00:06:24.420 | Seamus writes, "I'm a new investor and still building up my emergency fund and paying off
00:06:28.060 | debt. I just discovered Treasury Inflation Protected Securities, or TIPS, and I'm thinking
00:06:32.940 | of diverting my monthly emergency fund payments going forward into a TIPS ETF in my Roth IRA
00:06:38.060 | account. I'm not currently maxing out my Roth, and I see this as a good low-risk way to max
00:06:42.020 | it out, but the yield seems too good to be true. Am I missing anything? For context,
00:06:46.580 | I'm a government employee with a solid pension that would pay out 76% of my final take-home
00:06:52.340 | pay every year once I retire at 62, 2% for every year worked. I'm also starting to put
00:06:57.820 | money into a 457(b), so any money in the Roth would be a bonus." I don't know what a 457(b)

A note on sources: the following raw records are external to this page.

Let S_s : S s.
Proof.
split => //; rewrite leNgt; apply/negP => gap.
set eta := phi s - (phi a + e * (s - a) + e).
have eta2 : 0 < eta / 2 by rewrite divr_gt0 // subr_gt0.
have [d d0 near_s] := cvg_within_dist_lt (phi_cont s_in_ab) eta2.
have [r [/andP[ar rb] phir] sdr] := sup_adherent d0 S_has_sup.
have rs : r <= s by apply: sup_upper_bound S_has_sup _ _; split => //; apply/andP.
have rsd : `|r - s| < d by rewrite ler0_norm ?subr_le0 //; lra.
have := near_s r (@sub_abA r ltac:(by rewrite ar rb)) rsd.
rewrite ltr_norml => /andP[phir_lb _].
have : e * (r - a) <= e * (s - a) by rewrite ler_pM2l //; lra.
rewrite /eta in phir_lb; lra.
Qed.

Let S_right_of_s : s < b -> \forall h \near 0^'+, S (s + h).
Proof.
move=> sb; case/andP: s_in_ab => as_ _; case: S_s => _ phis.
have below : \forall h \near 0^'+, phi (s + h) <= phi a + e * (s + h - a) + e.
  move: as_; rewrite le_eqVlt => /orP[/eqP as_ | as_].
  - have aab : a <= a <= b by rewrite lexx le_ab.
    have [d d0 near_a] := cvg_within_dist_lt (phi_cont aab) e_gt0.
    near=> h.
    have h0 : 0 < h by near: h; exact: nbhs_right_gt.
    have hd : h < d by near: h; exact: nbhs_right_lt.
    have hb : h < b - s by near: h; apply: nbhs_right_lt; rewrite subr_gt0.
    have shA : A (s + h) by apply: sub_abA; apply/andP; split; lra.
    have hsa : `|s + h - a| < d by rewrite gtr0_norm; lra.
    have := near_a (s + h) shA hsa; rewrite ltr_norml => /andP[_ phish].
    have sha : 0 <= s + h - a by lra.
    have := mulr_ge0 (ltW e_gt0) sha.
    lra.
  - have := @phi_dini s ltac:(by rewrite as_ sb) e e_gt0; apply: filterS => h /= dini_h.
    have -> : e * (s + h - a) = e * (s - a) + e * h by ring.
    lra.
near=> h.
have h0 : 0 < h by near: h; exact: nbhs_right_gt.
have hb : h < b - s by near: h; apply: nbhs_right_lt; rewrite subr_gt0.
have shab : a <= s + h <= b.
  by rewrite (le_trans as_) ?lerDl ?(ltW h0) //= addrC -lerBrDr (ltW hb).
by split; last by near: h.
Unshelve. all: by end_near.
Qed.

Let s_eq_b : s = b.
Proof.
apply/eqP; rewrite eq_le; case/andP: s_in_ab => _ -> /=.
rewrite leNgt; apply/negP => /S_right_of_s near_S.
have /filter_ex[h [h0 Sh]] : \forall h \near 0^'+, 0 < h /\ S (s + h).
  by near=> h; split; [near: h; exact: nbhs_right_gt | near: h].
by have := sup_upper_bound S_has_sup Sh; rewrite gerDl leNgt h0.
Unshelve. all: by end_near.
Qed.

Lemma dini_line_bound : phi b <= phi a + e * (b - a) + e.
Proof. by rewrite -s_eq_b; case: S_s. Qed.

End LineBound.

Lemma dini_nonincreasing : phi b <= phi a.
Proof.
apply/ler_addgt0Pr => eps eps0.
have den0 : 0 < b - a + 1 by have := le_ab; lra.
have := dini_line_bound (divr_gt0 eps0 den0).
rewrite -addrA (_ : _ * (b - a) + _ = eps) //.
by field; rewrite gt_eqF.
Qed.

End Dini.

Lemma right_slope_le0_nonincreasing phi A a b :
  a <= b -> (forall s, a <= s <= b -> A s) ->
  (forall t, a <= t <= b -> phi @ within A (nbhs t) --> phi t) ->
  (forall t, a < t < b -> exists2 D : R, D <= 0 &
     (fun h => h^-1 * (phi (t + h) - phi t)) @ 0^'+ --> D) ->
  phi b <= phi a.
Proof.
move=> ab abA cont slope; apply: dini_nonincreasing ab abA cont _ => t abt e e0.
have [D D0 slope_t] := slope t abt.
have De : D < e by exact: le_lt_trans D0 e0.
near=> h.
have h0 : 0 < h by near: h; exact: nbhs_right_gt.
rewrite mulrC -ler_pdivrMl //.
by near: h; exact: cvgr_le slope_t _ De.
Unshelve. all: by end_near.
Qed.

Lemma right_slope_eq0 phi t D :
  (\forall h \near 0^'+, phi (t + h) = phi t) ->
  (fun h => h^-1 * (phi (t + h) - phi t)) @ 0^'+ --> D -> D = 0.
Proof.
move=> phi_cst slope; apply: (cvg_unique (@norm_hausdorff _ _) slope); apply: cvg_near_cst.
by apply: filterS phi_cst => h ->; rewrite subrr mulr0.
Qed.

Lemma is_derive_slope {phi x d} : is_derive x 1 phi d ->
  (fun h => h^-1 * (phi (x + h) - phi x)) @ 0^' --> d.
Proof.
move=> phi_d; have /cvg_ex[l phi_l] := @ex_derive _ _ _ _ _ _ _ phi_d.
have <- : lim (h^-1 *: (phi (h *: 1 + x) - phi x) @[h --> 0^']) = d.
  exact: @derive_val _ _ _ _ _ _ _ phi_d.
rewrite (cvg_lim _ phi_l) //; apply: cvg_trans phi_l; apply: near_eq_cvg.
by near=> h; rewrite /= -[h%:A]/(h * 1) mulr1 (addrC h x).
Unshelve. all: by end_near.
Qed.

Lemma right_slope_comp phi E t d dE :
  is_derive (E t) 1 phi d ->
  (fun h => h^-1 * (E (t + h) - E t)) @ 0^'+ --> dE ->
  (fun h => h^-1 * (phi (E (t + h)) - phi (E t))) @ 0^'+ --> d * dE.
Proof.
move=> phi_d E_slope.
(* Carathéodory's formulation: phi y - phi (E t) = rho (y - E t) * (y - E t)
   with rho continuous at 0, rho 0 = d. *)
pose rho k := if k == 0 then d else k^-1 * (phi (E t + k) - phi (E t)).
have rho_cont : {for 0, continuous rho}.
  apply/continuous_withinNx; rewrite /rho eqxx.
  move: (is_derive_slope phi_d); apply: cvg_trans; apply: near_eq_cvg.
  near=> k; have k0 : k != 0 by near: k; exact: nbhs_dnbhs_neq.
  by rewrite /= (negbTE k0).
have E_cont : (fun h => E (t + h) - E t) @ 0^'+ --> 0.
  have : (fun h => h * (h^-1 * (E (t + h) - E t))) @ 0^'+ --> 0 * dE.
    by apply: cvgM => //; apply: cvg_at_right_filter; exact: cvg_id.
  rewrite mul0r; apply: cvg_trans; apply: near_eq_cvg.
  near=> h; have h0 : 0 < h by near: h; exact: nbhs_right_gt.
  by rewrite /= mulrA mulfV ?mul1r // gt_eqF.
have : (fun h => rho (E (t + h) - E t) * (h^-1 * (E (t + h) - E t)))
    @ 0^'+ --> d * dE.
  have rho0 : rho 0 = d by rewrite /rho eqxx.
  by apply: cvgM => //; rewrite -rho0; exact: continuous_cvg rho_cont E_cont.
apply: cvg_trans; apply: near_eq_cvg; near=> h; rewrite /rho.
have [E0|E0] := eqVneq (E (t + h) - E t) 0.
  by move/eqP: E0; rewrite subr_eq0 => /eqP ->; rewrite !subrr !mulr0.
by rewrite (addrC (E t)) subrK mulrCA mulrAC mulVf // mul1r.
Unshelve. all: by end_near.
Qed.

Lemma powR_continuous x q : 0 < x -> {for x, continuous (fun y : R => y `^ q)}.
Proof.
move=> x_gt0; apply: differentiable_continuous; apply/derivable1_diffP.
exact: (@ex_derive _ _ _ _ _ _ _ (is_derive1_powR q x_gt0)).
Qed.

End RightSlope.

Section InnerProduct.
Variables (R : realType) (V : normedModType R) (inner : V -> V -> R).
Hypothesis inner_prod : is_inner_product inner.

Lemma innerC x y : inner x y = inner y x.
Proof. by case: inner_prod. Qed.

Lemma sqr_norm_inner x : `|x| ^+ 2 = inner x x.
Proof. by case: inner_prod. Qed.

Lemma innerDZl a x y z : inner (a *: x + y) z = a * inner x z + inner y z.
Proof. by case: inner_prod. Qed.

Lemma inner0l z : inner 0 z = 0.
Proof. by have := innerDZl 1 0 0 z; rewrite scaler0 addr0 mul1r; lra. Qed.

Lemma innerDl x y z : inner (x + y) z = inner x z + inner y z.
Proof. by have := innerDZl 1 x y z; rewrite scale1r mul1r. Qed.

Lemma innerZl a x z : inner (a *: x) z = a * inner x z.
Proof. by rewrite -[a *: x]addr0 innerDZl inner0l addr0. Qed.

Lemma innerNl x z : inner (- x) z = - inner x z.
Proof. by rewrite -scaleN1r innerZl mulN1r. Qed.

Lemma innerBl x y z : inner (x - y) z = inner x z - inner y z.
Proof. by rewrite innerDl innerNl. Qed.

Lemma innerDr x y z : inner z (x + y) = inner z x + inner z y.
Proof. by rewrite innerC innerDl !(innerC z). Qed.

Lemma innerZr a x z : inner z (a *: x) = a * inner z x.
Proof. by rewrite innerC innerZl innerC. Qed.

Lemma innerNr x z : inner z (- x) = - inner z x.
Proof. by rewrite innerC innerNl innerC. Qed.

Lemma inner_polarization x y :
  inner x y = (`|x + y| ^+ 2 - `|x - y| ^+ 2) / 4.
Proof.
rewrite !sqr_norm_inner !innerDl !innerDr !innerNl !innerNr (innerC y x).
by field.
Qed.

Lemma cvg_inner {T : Type} (F : set_system T) {FF : Filter F} (a b : T -> V) x y :
  a @ F --> x -> b @ F --> y -> (fun s => inner (a s) (b s)) @ F --> inner x y.
Proof.
move=> ax bx; under eq_fun do rewrite inner_polarization !expr2.
rewrite inner_polarization !expr2; apply: cvgMr_tmp.
by apply: cvgB; apply: cvgM; apply: cvg_norm;
  [apply: cvgD|apply: cvgD|apply: cvgB|apply: cvgB].
Qed.

Section RightDerivative.
Variables (u : R -> V) (t : R) (v : V).
Hypothesis u_rder : h^-1 *: (u (t + h) - u t) @[h --> 0^'+] --> v.

Lemma right_slope_inner n :
  h^-1 * (inner (u (t + h)) n - inner (u t) n) @[h --> 0^'+] --> inner v n.
Proof.
under eq_fun do rewrite -innerBl -innerZl.
by apply: cvg_inner => //; exact: cvg_cst.
Qed.

Lemma right_slope_sqr_norm :
  h^-1 * (`|u (t + h)| ^+ 2 - `|u t| ^+ 2) @[h --> 0^'+] --> 2 * inner v (u t).
Proof.
have u_rcont : u (t + h) @[h --> 0^'+] --> u t.
  have : u t + h *: (h^-1 *: (u (t + h) - u t)) @[h --> 0^'+] --> u t + 0 *: v.
    apply: cvgD; first exact: cvg_cst.
    by apply: cvgZ => //; apply: cvg_at_right_filter; exact: cvg_id.
  rewrite scale0r addr0; apply: cvg_trans; apply: near_eq_cvg.
  near=> h; have h0 : 0 < h by near: h; exact: nbhs_right_gt.
  by rewrite scalerA mulfV ?gt_eqF // scale1r addrC subrK.
have -> : 2 * inner v (u t) = inner v (u t + u t) by rewrite innerDr; ring.
have sqr_diff h : `|u (t + h)| ^+ 2 - `|u t| ^+ 2 =
    inner (u (t + h) - u t) (u (t + h) + u t).
  by rewrite !sqr_norm_inner innerBl !innerDr (innerC (u t) (u (t + h))); ring.
under eq_fun do rewrite sqr_diff -innerZl.
by apply: cvg_inner => //; apply: cvgD => //; exact: cvg_cst.
Unshelve. all: by end_near.
Qed.

End RightDerivative.
End InnerProduct.

Section Functional.
Variables (R : realType) (V : normedModType R) (inner : V -> V -> R).
Variables (J : V -> \bar R) (p : R).
Hypotheses (inner_prod : is_inner_product inner)
  (J_convex : convex_functional J) (J_proper : proper_functional J)
  (J_hom : abs_homogeneous p J).

Lemma JZ c x : c != 0 -> J (c *: x) = ((`|c| `^ p)%:E * J x)%E.
Proof. by case: J_hom => JZ _; exact: JZ. Qed.

Lemma JN x : J (- x) = J x.
Proof. by rewrite -scaleN1r JZ ?oppr_eq0 ?oner_neq0 // normrN normr1 powR1 mul1e. Qed.

Let J_midpoint (x y : V) :
  (J (2^-1 *: x + 2^-1 *: y)%R <= (2^-1)%:E * J x + (2^-1)%:E * J y)%E.
Proof.
have half : 0 <= (2^-1 : R) <= 1 by apply/andP; split; lra.
by have := J_convex x y half; rewrite (_ : 1 - 2^-1 = 2^-1 :> R); last field.
Qed.

Lemma J_ge0 x : (0 <= J x)%E.
Proof.
have := J_midpoint x (- x); rewrite scalerN subrr JN J_hom.2.
case: J_proper => /(_ x); case: (J x) => [r _ | _ | //]; last by rewrite leey.
by rewrite -EFinM -EFinD !lee_fin; lra.
Qed.

Lemma subdiff_fin_num {x z} : subdiff inner J x z -> exists j, J x = j%:E.
Proof.
case: J_proper => /(_ x) + [v Jv] z_sub; case: (J x) (z_sub v) => [j _ _ | | //].
  by exists j.
by rewrite /= => /(lt_le_trans Jv); rewrite ltxx.
Qed.

Lemma subdiff_le {x z j v y} : subdiff inner J x z -> J x = j%:E ->
  (J v <= y%:E)%E -> j + inner z (v - x) <= y.
Proof. by move=> z_sub Jx Jv; have := le_trans (z_sub v) Jv; rewrite Jx -EFinD lee_fin. Qed.

Lemma subdiff_orthogonal x z n : subdiff inner J x z -> nullJ J n -> inner z n = 0.
Proof.
move=> z_sub Jn; have [j Jx] := subdiff_fin_num z_sub.
(* J (x + c n) <= 2^-1 J (2 x) + 2^-1 J (2 c n) = 2^(p-1) J x for every c,
   so the affine function c |-> j + c <z, n> is bounded above. *)
pose K := 2^-1 * (2 `^ p * j).
have bounded c : j + c * inner z n <= K.
  have := J_midpoint (2 *: x) ((2 * c) *: n).
  rewrite !scalerA (_ : 2^-1 * 2 = 1 :> R); last by field.
  rewrite (_ : 2^-1 * (2 * c) = c :> R); last by field.
  rewrite scale1r (@JZ 2 x) ?pnatr_eq0 //.
  have -> : J ((2 * c) *: n) = 0%E.
    have [->|c0] := eqVneq c 0; first by rewrite mulr0 scale0r J_hom.2.
    by rewrite JZ ?mulf_neq0 ?pnatr_eq0 // Jn mule0.
  rewrite mule0 adde0 Jx -!EFinM => /(subdiff_le z_sub Jx).
  by rewrite (addrC x) addrK innerZr // ger0_norm.
have [//|zn0] := eqVneq (inner z n) 0.
have := bounded ((`|K - j| + 1) / inner z n); rewrite mulfVK //.
by have := ler_norm (K - j); lra.
Qed.

Lemma subdiff_euler x z j : subdiff inner J x z -> J x = j%:E ->
  p * j <= inner z x.
Proof.
move=> z_sub Jx; have j0 : 0 <= j by have := J_ge0 x; rewrite Jx lee_fin.
(* Testing the subgradient inequality at (1 + h) x, h < 0, and letting
   h -> 0 differentiates c |-> J (c x) = c ^ p j at c = 1. *)
have slope_le h : -1 < h < 0 -> j * (h^-1 * ((1 + h) `^ p - 1)) <= inner z x.
  move=> /andP[h_gt h_lt0]; have c0 : 0 < 1 + h by lra.
  have := subdiff_le (v := (1 + h) *: x) (y := (1 + h) `^ p * j) z_sub Jx.
  rewrite JZ ?gt_eqF // Jx -EFinM gtr0_norm // => /(_ (lexx _)).
  rewrite -{2}(scale1r x) -scalerBl (innerZr inner_prod) => le1.
  rewrite (_ : j * _ = ((1 + h) `^ p - 1) * j / h); last by field; exact: ltr0_neq0.
  by rewrite ler_ndivrMr // mulrC; lra.
have p_slope := is_derive_slope (is_derive1_powR p (@ltr01 R)).
rewrite powR1 mulr1 in p_slope.
rewrite mulrC; apply: (cvgr_to_le (cvgMl_tmp (a := j) (cvg_dnbhs_at_left p_slope))).
near=> h; apply: slope_le; apply/andP; split.
  by near: h; apply: nbhs_left_gt; rewrite ltrN10.
by near: h; exact: nbhs_left_lt.
Unshelve. all: by end_near.
Qed.

End Functional.

Section Rayleigh.
Variables (R : realType) (V : normedModType R) (inner : V -> V -> R).
Variables (J : V -> \bar R) (p lam1 : R).
Hypothesis lambda1E : lambda1 p inner J = lam1%:E.

Lemma lambda1_le_rayleigh v : H0 inner J v -> (lam1%:E <= rayleigh p J v)%E.
Proof. by move=> v_H0; rewrite -lambda1E; apply: ereal_inf_lbound; exists v. Qed.

Lemma lambda1_le v j : H0 inner J v -> J v = j%:E -> lam1 * `|v| `^ p <= p * j.
Proof.
move=> v_H0 Jv; have := lambda1_le_rayleigh v_H0.
have v_gt0 : 0 < `|v| `^ p by apply: powR_gt0; rewrite normr_gt0; case: v_H0.
by rewrite /rayleigh Jv -EFinM lee_fin mulrAC ler_pdivlMr.
Qed.

Hypotheses (inner_prod : is_inner_product inner) (J_lsc : lower_semicontinuous J)
  (p_gt0 : 0 < p).

Lemma ground_state_of_cvg (w : nat -> V) (w0 : V) (r : R) :
  0 < r -> w @ \oo --> w0 ->
  (\forall k \near \oo, [/\ `|w k| = r,
      forall n, nullJ J n -> inner (w k) n = 0 &
      (J (w k) <= (lam1 * r `^ p / p)%:E)%E]) ->
  ground_state p inner J w0.
Proof.
move=> r_gt0 w_w0 w_props.
have norm_w0 : `|w0| = r.
  apply: (cvg_unique (@norm_hausdorff _ _) (cvg_norm w_w0)); apply: cvg_near_cst.
  by apply: filterS w_props => k [].
have w0_H0 : H0 inner J w0.
  split=> [|n Jn]; first by rewrite -normr_gt0 norm_w0.
  apply: (cvg_unique (@norm_hausdorff _ _) (cvg_inner inner_prod w_w0 (cvg_cst n))).
  by apply: cvg_near_cst; apply: filterS w_props => k [_ /(_ n Jn)].
have J_w0 : (J w0 <= (lam1 * r `^ p / p)%:E)%E.
  rewrite leNgt; apply/negP => /J_lsc[W W_w0 J_W].
  have [k [[_ _ Jk] /J_W]] := filter_ex (filterI w_props (w_w0 _ W_w0)).
  by rewrite ltNge Jk.
split => // v v_H0; apply: le_trans (lambda1_le_rayleigh v_H0).
have r_p : 0 < r `^ p by exact: powR_gt0.
rewrite /rayleigh norm_w0.
apply: le_trans (lee_wpmul2l _ J_w0) _; first by rewrite lee_fin divr_ge0 // ltW.
rewrite -EFinM lee_fin (_ : p / r `^ p * (lam1 * r `^ p / p) = lam1) //.
by field; rewrite !gt_eqF.
Qed.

00:07:04.340 | is, I've got to be honest.
00:07:05.980 | No. 457 is like a 401(k) for non-profits, essentially.
00:07:09.060 | Oh, I thought that was 403(b). So, there's another one. Okay.
00:07:13.460 | Oh, yeah. Okay. I think it's more of a government one.
00:07:15.300 | I don't know what this one is.
00:07:16.580 | Also, Seamus, great name. Duncan, you went to Scotland, right, for your honeymoon a little
00:07:21.180 | I did.
00:07:22.180 | There had to be a lot of Seamuses there, right?
00:07:23.180 | Probably.
00:07:24.180 | Okay. All right. So, if you missed out a few weeks ago, I think it was the episode we did
00:07:28.420 | with Josh. We did a tutorial on tips, and someone asked us at the time, "Why are tips
00:07:32.140 | down when inflation is higher?" We did a whole thing on that. The short answer is, interest
00:07:36.780 | rates have risen. But the nice thing about rising rates for bonds, as I kind of mentioned
00:07:40.100 | a little bit ago, is eventually those higher yields turn into higher future returns.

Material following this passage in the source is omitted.